Records shown:
(* Let $d\ge2$, $N\ge1$ and let $\rho$ be a state on $(\mathbb{C}^d)^{\otimes N}$. For operators $\lambda_1,\dots,\lambda_N$ on $\mathbb{C}^d$ define $$\mathcal{R}(\lambda_1,\dots,\lambda_N)=\int dU_1\cdots\int dU_N\;\Big|\mathrm{Tr}\Big(\rho\,\bigotimes_{n=1}^{N}U_n^\dagger\lambda_n^\dagger U_n\Big)\Big|^2,$$ where each integral is over $U(d)$ with respect to the normalized Haar measure. Then $\mathcal{R}(\lambda_1,\dots,\lambda_N)$ takes the same value for all choices of $\lambda_1,\dots,\lambda_N$ satisfying $\mathrm{Tr}(\lambda_n)=0$ and $\mathrm{Tr}(\lambda_n\lambda_n^\dagger)=d$ for every $n$. *)

From HB Require Import structures.
From mathcomp Require Import all_boot all_order all_algebra.
From mathcomp Require Import reals.
From mathcomp.real_closed Require Import complex mxtens.

Set Implicit Arguments.
Unset Strict Implicit.
Unset Printing Implicit Defensive.

Import Order.TTheory GRing.Theory Num.Theory.
Local Open Scope ring_scope.
Local Open Scope complex_scope.

Section Defs.
Variable R : realType.
Local Notation C := (R[i]).

Definition adj {m n} (A : 'M[C]_(m, n)) : 'M[C]_(n, m) :=
  \matrix_(i, j) (A j i)^*.

Definition unitary {d} (U : 'M[C]_d) : Prop := U *m adj U = 1%:M.

Definition abs2 (z : C) : R := complex.Re z ^+ 2 + complex.Im z ^+ 2.

Definition cabs (z : C) : R := Normc.normc z.

Definition is_state {n} (rho : 'M[C]_n) : Prop :=
  [/\ adj rho = rho,
      (forall v : 'cV[C]_n, 0 <= (adj v *m rho *m v) 0 0)
    & \tr rho = 1].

Activity:
Everything from the line containing "From mathcomp Require Import reals." through the line containing "Local Notation C := (R[i])." in the material above should be retyped exactly, both ends included, and nothing more.

Answer box:
From mathcomp Require Import reals.
From mathcomp.real_closed Require Import complex mxtens.

Set Implicit Arguments.
Unset Strict Implicit.
Unset Printing Implicit Defensive.

Import Order.TTheory GRing.Theory Num.Theory.
Local Open Scope ring_scope.
Local Open Scope complex_scope.

Section Defs.
Variable R : realType.
Local Notation C := (R[i]).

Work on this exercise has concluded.